--- START ---

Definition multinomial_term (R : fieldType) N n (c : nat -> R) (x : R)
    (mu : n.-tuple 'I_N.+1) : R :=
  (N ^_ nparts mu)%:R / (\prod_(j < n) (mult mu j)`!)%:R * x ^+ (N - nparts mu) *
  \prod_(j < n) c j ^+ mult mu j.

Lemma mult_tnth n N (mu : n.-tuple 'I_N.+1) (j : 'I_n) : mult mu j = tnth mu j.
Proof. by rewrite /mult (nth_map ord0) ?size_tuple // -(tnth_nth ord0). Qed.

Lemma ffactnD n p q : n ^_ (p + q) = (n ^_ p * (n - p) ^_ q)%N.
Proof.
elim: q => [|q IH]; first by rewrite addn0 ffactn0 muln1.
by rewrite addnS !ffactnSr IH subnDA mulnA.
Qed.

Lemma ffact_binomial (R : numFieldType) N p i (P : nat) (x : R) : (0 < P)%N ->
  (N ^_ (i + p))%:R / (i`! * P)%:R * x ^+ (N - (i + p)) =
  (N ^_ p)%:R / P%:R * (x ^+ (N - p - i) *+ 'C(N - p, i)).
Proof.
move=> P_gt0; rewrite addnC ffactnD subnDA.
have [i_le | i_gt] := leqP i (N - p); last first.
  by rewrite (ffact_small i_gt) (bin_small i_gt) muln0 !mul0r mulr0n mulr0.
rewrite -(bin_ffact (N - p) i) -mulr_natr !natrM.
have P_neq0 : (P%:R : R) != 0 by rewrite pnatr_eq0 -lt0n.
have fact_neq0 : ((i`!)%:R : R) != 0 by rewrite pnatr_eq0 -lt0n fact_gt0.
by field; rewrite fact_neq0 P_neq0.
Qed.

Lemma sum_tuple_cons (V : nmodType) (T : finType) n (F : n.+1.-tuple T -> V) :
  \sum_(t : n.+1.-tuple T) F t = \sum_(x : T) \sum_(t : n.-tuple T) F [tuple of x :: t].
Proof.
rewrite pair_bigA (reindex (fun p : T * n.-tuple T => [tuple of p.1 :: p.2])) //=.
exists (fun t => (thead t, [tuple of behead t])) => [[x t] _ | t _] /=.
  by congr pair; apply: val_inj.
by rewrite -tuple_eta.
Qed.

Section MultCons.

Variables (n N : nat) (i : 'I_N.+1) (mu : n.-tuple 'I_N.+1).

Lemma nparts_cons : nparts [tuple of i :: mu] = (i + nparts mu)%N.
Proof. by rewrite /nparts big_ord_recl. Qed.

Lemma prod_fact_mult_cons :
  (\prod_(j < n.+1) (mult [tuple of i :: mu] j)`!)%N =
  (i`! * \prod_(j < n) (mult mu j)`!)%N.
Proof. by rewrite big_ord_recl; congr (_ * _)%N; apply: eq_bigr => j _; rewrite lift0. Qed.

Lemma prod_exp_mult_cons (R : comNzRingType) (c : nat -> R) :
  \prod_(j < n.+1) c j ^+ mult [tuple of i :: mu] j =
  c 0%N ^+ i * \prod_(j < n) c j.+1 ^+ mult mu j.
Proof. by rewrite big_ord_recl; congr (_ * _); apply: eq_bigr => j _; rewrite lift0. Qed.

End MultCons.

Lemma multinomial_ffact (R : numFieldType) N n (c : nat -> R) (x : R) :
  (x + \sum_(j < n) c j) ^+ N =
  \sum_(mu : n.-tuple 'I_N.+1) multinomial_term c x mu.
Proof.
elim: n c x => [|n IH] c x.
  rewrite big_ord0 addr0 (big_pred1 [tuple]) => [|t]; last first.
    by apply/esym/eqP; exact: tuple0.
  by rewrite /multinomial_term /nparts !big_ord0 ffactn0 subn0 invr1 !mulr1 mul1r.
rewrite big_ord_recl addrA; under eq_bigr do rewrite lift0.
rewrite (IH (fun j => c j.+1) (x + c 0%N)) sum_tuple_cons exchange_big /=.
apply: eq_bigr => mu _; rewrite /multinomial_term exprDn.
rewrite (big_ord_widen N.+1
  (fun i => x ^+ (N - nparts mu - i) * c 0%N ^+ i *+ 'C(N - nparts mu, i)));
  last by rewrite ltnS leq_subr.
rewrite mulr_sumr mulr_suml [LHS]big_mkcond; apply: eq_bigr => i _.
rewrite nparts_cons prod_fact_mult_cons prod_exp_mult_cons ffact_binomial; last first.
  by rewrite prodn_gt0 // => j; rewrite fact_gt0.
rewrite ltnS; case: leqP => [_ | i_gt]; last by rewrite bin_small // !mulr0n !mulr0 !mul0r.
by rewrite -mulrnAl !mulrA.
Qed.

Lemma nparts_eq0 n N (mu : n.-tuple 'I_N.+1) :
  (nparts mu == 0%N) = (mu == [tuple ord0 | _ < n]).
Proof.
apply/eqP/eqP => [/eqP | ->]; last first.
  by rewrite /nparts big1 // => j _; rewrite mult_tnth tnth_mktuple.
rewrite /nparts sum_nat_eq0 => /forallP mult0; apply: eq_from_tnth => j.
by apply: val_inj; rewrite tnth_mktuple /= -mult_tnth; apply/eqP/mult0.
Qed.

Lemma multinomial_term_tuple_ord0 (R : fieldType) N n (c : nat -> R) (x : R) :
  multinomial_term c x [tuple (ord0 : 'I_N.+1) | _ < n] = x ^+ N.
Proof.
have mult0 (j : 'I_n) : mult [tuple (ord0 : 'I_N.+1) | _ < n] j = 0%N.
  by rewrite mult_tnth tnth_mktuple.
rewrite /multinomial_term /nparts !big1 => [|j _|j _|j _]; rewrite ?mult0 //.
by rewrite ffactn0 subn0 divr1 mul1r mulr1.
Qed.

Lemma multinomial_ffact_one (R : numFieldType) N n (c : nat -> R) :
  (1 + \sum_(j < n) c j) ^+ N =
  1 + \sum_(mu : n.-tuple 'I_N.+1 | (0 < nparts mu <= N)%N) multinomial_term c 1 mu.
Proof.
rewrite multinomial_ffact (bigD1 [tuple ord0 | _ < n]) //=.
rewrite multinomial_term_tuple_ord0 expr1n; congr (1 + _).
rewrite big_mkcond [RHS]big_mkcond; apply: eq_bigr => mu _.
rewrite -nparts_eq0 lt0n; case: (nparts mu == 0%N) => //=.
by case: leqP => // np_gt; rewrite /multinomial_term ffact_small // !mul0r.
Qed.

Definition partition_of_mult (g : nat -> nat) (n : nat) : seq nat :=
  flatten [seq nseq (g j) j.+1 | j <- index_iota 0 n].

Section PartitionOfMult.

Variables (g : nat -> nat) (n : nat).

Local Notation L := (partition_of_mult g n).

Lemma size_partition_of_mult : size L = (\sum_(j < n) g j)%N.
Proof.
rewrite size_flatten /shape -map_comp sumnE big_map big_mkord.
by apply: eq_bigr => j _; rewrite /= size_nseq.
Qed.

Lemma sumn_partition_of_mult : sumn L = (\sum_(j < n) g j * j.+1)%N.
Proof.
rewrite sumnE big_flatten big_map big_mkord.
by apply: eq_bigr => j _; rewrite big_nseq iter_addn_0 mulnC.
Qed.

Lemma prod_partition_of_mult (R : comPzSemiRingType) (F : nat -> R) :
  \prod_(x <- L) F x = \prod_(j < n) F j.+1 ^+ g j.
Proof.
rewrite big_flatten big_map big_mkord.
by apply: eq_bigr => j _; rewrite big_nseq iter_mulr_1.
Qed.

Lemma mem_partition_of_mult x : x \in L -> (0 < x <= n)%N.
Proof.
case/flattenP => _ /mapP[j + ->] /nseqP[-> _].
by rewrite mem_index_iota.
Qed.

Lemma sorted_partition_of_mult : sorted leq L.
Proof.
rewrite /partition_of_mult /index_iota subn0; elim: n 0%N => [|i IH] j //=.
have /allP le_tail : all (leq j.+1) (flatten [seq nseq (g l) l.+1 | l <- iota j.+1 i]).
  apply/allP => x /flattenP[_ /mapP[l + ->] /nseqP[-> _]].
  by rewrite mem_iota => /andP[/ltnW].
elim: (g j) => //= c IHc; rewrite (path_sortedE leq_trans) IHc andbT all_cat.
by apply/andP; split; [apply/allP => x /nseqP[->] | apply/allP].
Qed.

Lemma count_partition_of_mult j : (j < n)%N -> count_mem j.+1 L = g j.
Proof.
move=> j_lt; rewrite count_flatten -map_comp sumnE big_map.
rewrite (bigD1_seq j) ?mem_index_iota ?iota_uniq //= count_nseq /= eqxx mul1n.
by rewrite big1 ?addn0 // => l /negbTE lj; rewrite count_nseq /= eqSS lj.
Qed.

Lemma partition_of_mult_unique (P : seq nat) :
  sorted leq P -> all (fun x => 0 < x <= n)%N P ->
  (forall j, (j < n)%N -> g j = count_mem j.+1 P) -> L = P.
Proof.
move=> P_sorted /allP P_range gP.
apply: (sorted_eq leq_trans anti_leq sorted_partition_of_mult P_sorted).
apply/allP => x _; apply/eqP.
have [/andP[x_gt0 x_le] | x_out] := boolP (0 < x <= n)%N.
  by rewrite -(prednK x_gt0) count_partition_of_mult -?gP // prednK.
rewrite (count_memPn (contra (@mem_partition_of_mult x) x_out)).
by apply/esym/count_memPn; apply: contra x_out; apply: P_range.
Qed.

--- END ---

What to work on => Reproduce word for word the material above, beginning with the line that contains "rewrite sumnE big_flatten big_map big_mkord." and ending with the line that contains "move=> j_lt; rewrite".

Solution to this exercise =>
rewrite sumnE big_flatten big_map big_mkord.
by apply: eq_bigr => j _; rewrite big_nseq iter_addn_0 mulnC.
Qed.

Lemma prod_partition_of_mult (R : comPzSemiRingType) (F : nat -> R) :
  \prod_(x <- L) F x = \prod_(j < n) F j.+1 ^+ g j.
Proof.
rewrite big_flatten big_map big_mkord.
by apply: eq_bigr => j _; rewrite big_nseq iter_mulr_1.
Qed.

Lemma mem_partition_of_mult x : x \in L -> (0 < x <= n)%N.
Proof.
case/flattenP => _ /mapP[j + ->] /nseqP[-> _].
by rewrite mem_index_iota.
Qed.

Lemma sorted_partition_of_mult : sorted leq L.
Proof.
rewrite /partition_of_mult /index_iota subn0; elim: n 0%N => [|i IH] j //=.
have /allP le_tail : all (leq j.+1) (flatten [seq nseq (g l) l.+1 | l <- iota j.+1 i]).
  apply/allP => x /flattenP[_ /mapP[l + ->] /nseqP[-> _]].
  by rewrite mem_iota => /andP[/ltnW].
elim: (g j) => //= c IHc; rewrite (path_sortedE leq_trans) IHc andbT all_cat.
by apply/andP; split; [apply/allP => x /nseqP[->] | apply/allP].
Qed.

Lemma count_partition_of_mult j : (j < n)%N -> count_mem j.+1 L = g j.
Proof.
move=> j_lt; rewrite count_flatten -map_comp sumnE big_map.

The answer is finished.